* WHAT NEEDS TO BE DONE
Copy each of the records exactly; leave nothing out.

* INPUT FOR THIS TASK

Lemma fixed_phi1_empty (K N d : int) (c m n : nat) :
  (m < c)%N || (n < m)%N ->
  [set f : {ffun 'I_n -> 'I_n.+1} | common_ok K N m f && even_div d f && (phi f 1%N == c)]
  = set0.
Proof.
move=> hsmall; apply/setP => f; rewrite !inE.
apply/negbTE/negP => /andP[/andP[/and4P[/eqP hsize /eqP hnum _ _] _] /eqP p1].
have := phi1_le_num_parts n f; have := num_parts_le_size n f; lia.
Qed.

Lemma threshold (d f e k s : int) :
  0 < d -> 1 <= f <= d -> 1 <= e <= d ->
  (d * s + f - 1 < d * k + e) = (if f <= e then s <= k else s < k).
Proof.
move=> hd /andP[hf1 hfd] /andP[he1 hed].
case: ifP => hfe; apply/idP/idP => H; nia.
Qed.

Lemma bound_transfer (a k d e f : int) (x : nat) :
  0 < d -> 1 <= f <= d -> 1 <= e <= d ->
  (d * a + f - 1 + x%:Z < d * k + e) && (d %| x%:Z)%Z
  = (x%:Z < (if f <= e then d * k - d * a + d else d * k - d * a)) && (d %| x%:Z)%Z.
Proof.
move=> hd hf he; case hdx: (d %| x%:Z)%Z; rewrite ?andbF ?andbT //.
move/dvdzP: hdx => [y ->].
have -> : d * a + f - 1 + y * d = d * (a + y) + f - 1 by lia.
rewrite threshold //; case: ifP => _.
- by rewrite -ltzD1 -(ltr_pM2l hd); apply/idP/idP; lia.
- by rewrite -(ltr_pM2l hd); apply/idP/idP; lia.
Qed.

Theorem mainTheorem4 (a k d e f : int)
  (ha : 1 <= a <= k) (hd : 1 <= d <= k) (hf : 1 <= f <= d)
  (he : e = d \/ 2 * e = d) :
  forall m n : int, 0 <= m -> 0 <= n ->
    (dbcount d (d * k + e) (d * a + f) m n)%:Z
      - (dbcount d (d * k + e) (d * a + f - 1) m n)%:Z
    = (if f <= e
       then dbbarcount d (d * k + e) (d * k - d * a + d) (m - (d * a + f - 1)) (n - m)
       else dbbarcount d (d * k + e) (d * k - d * a) (m - (d * a + f - 1)) (n - m))%:Z.
Proof.
case=> [m|//] [n|//] _ _.
have hd0 : 0 < d by lia.
have he1 : 1 <= e <= d by case: he; lia.
have [c hc] : exists c : nat, d * a + f - 1 = c%:Z.
  by case E: (d * a + f - 1) => [c|c]; [exists c | lia].
rewrite hc; have -> : d * a + f = c.+1%:Z by lia.
rewrite !dbcount_nat card_split_phi1 PoszD addrAC subrr add0r.
have [hcm | hmc] := leqP c m; last first.
  by rewrite fixed_phi1_empty ?hmc // cards0 !dbbarcount_neg ?if_same //; lia.
have [hmn | hnm] := leqP m n; last first.
  by rewrite fixed_phi1_empty ?hnm ?orbT // cards0 !dbbarcount_neg ?if_same //; lia.
rewrite !subzn //; case: ifP => hfe; rewrite dbbarcount_nat; congr Posz;
  (apply: card_lower => // [|x]; [lia | by rewrite PoszD -hc bound_transfer ?hfe]).
Qed.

* EXPECTED ANSWER
Lemma fixed_phi1_empty (K N d : int) (c m n : nat) :
  (m < c)%N || (n < m)%N ->
  [set f : {ffun 'I_n -> 'I_n.+1} | common_ok K N m f && even_div d f && (phi f 1%N == c)]
  = set0.
Proof.
move=> hsmall; apply/setP => f; rewrite !inE.
apply/negbTE/negP => /andP[/andP[/and4P[/eqP hsize /eqP hnum _ _] _] /eqP p1].
have := phi1_le_num_parts n f; have := num_parts_le_size n f; lia.
Qed.

Lemma threshold (d f e k s : int) :
  0 < d -> 1 <= f <= d -> 1 <= e <= d ->
  (d * s + f - 1 < d * k + e) = (if f <= e then s <= k else s < k).
Proof.
move=> hd /andP[hf1 hfd] /andP[he1 hed].
case: ifP => hfe; apply/idP/idP => H; nia.
Qed.

Lemma bound_transfer (a k d e f : int) (x : nat) :
  0 < d -> 1 <= f <= d -> 1 <= e <= d ->
  (d * a + f - 1 + x%:Z < d * k + e) && (d %| x%:Z)%Z
  = (x%:Z < (if f <= e then d * k - d * a + d else d * k - d * a)) && (d %| x%:Z)%Z.
Proof.
move=> hd hf he; case hdx: (d %| x%:Z)%Z; rewrite ?andbF ?andbT //.
move/dvdzP: hdx => [y ->].
have -> : d * a + f - 1 + y * d = d * (a + y) + f - 1 by lia.
rewrite threshold //; case: ifP => _.
- by rewrite -ltzD1 -(ltr_pM2l hd); apply/idP/idP; lia.
- by rewrite -(ltr_pM2l hd); apply/idP/idP; lia.
Qed.

Theorem mainTheorem4 (a k d e f : int)
  (ha : 1 <= a <= k) (hd : 1 <= d <= k) (hf : 1 <= f <= d)
  (he : e = d \/ 2 * e = d) :
  forall m n : int, 0 <= m -> 0 <= n ->
    (dbcount d (d * k + e) (d * a + f) m n)%:Z
      - (dbcount d (d * k + e) (d * a + f - 1) m n)%:Z
    = (if f <= e
       then dbbarcount d (d * k + e) (d * k - d * a + d) (m - (d * a + f - 1)) (n - m)
       else dbbarcount d (d * k + e) (d * k - d * a) (m - (d * a + f - 1)) (n - m))%:Z.
Proof.
case=> [m|//] [n|//] _ _.
have hd0 : 0 < d by lia.
have he1 : 1 <= e <= d by case: he; lia.
have [c hc] : exists c : nat, d * a + f - 1 = c%:Z.
  by case E: (d * a + f - 1) => [c|c]; [exists c | lia].
rewrite hc; have -> : d * a + f = c.+1%:Z by lia.
rewrite !dbcount_nat card_split_phi1 PoszD addrAC subrr add0r.
have [hcm | hmc] := leqP c m; last first.
  by rewrite fixed_phi1_empty ?hmc // cards0 !dbbarcount_neg ?if_same //; lia.
have [hmn | hnm] := leqP m n; last first.
  by rewrite fixed_phi1_empty ?hnm ?orbT // cards0 !dbbarcount_neg ?if_same //; lia.
rewrite !subzn //; case: ifP => hfe; rewrite dbbarcount_nat; congr Posz;
  (apply: card_lower => // [|x]; [lia | by rewrite PoszD -hc bound_transfer ?hfe]).
Qed.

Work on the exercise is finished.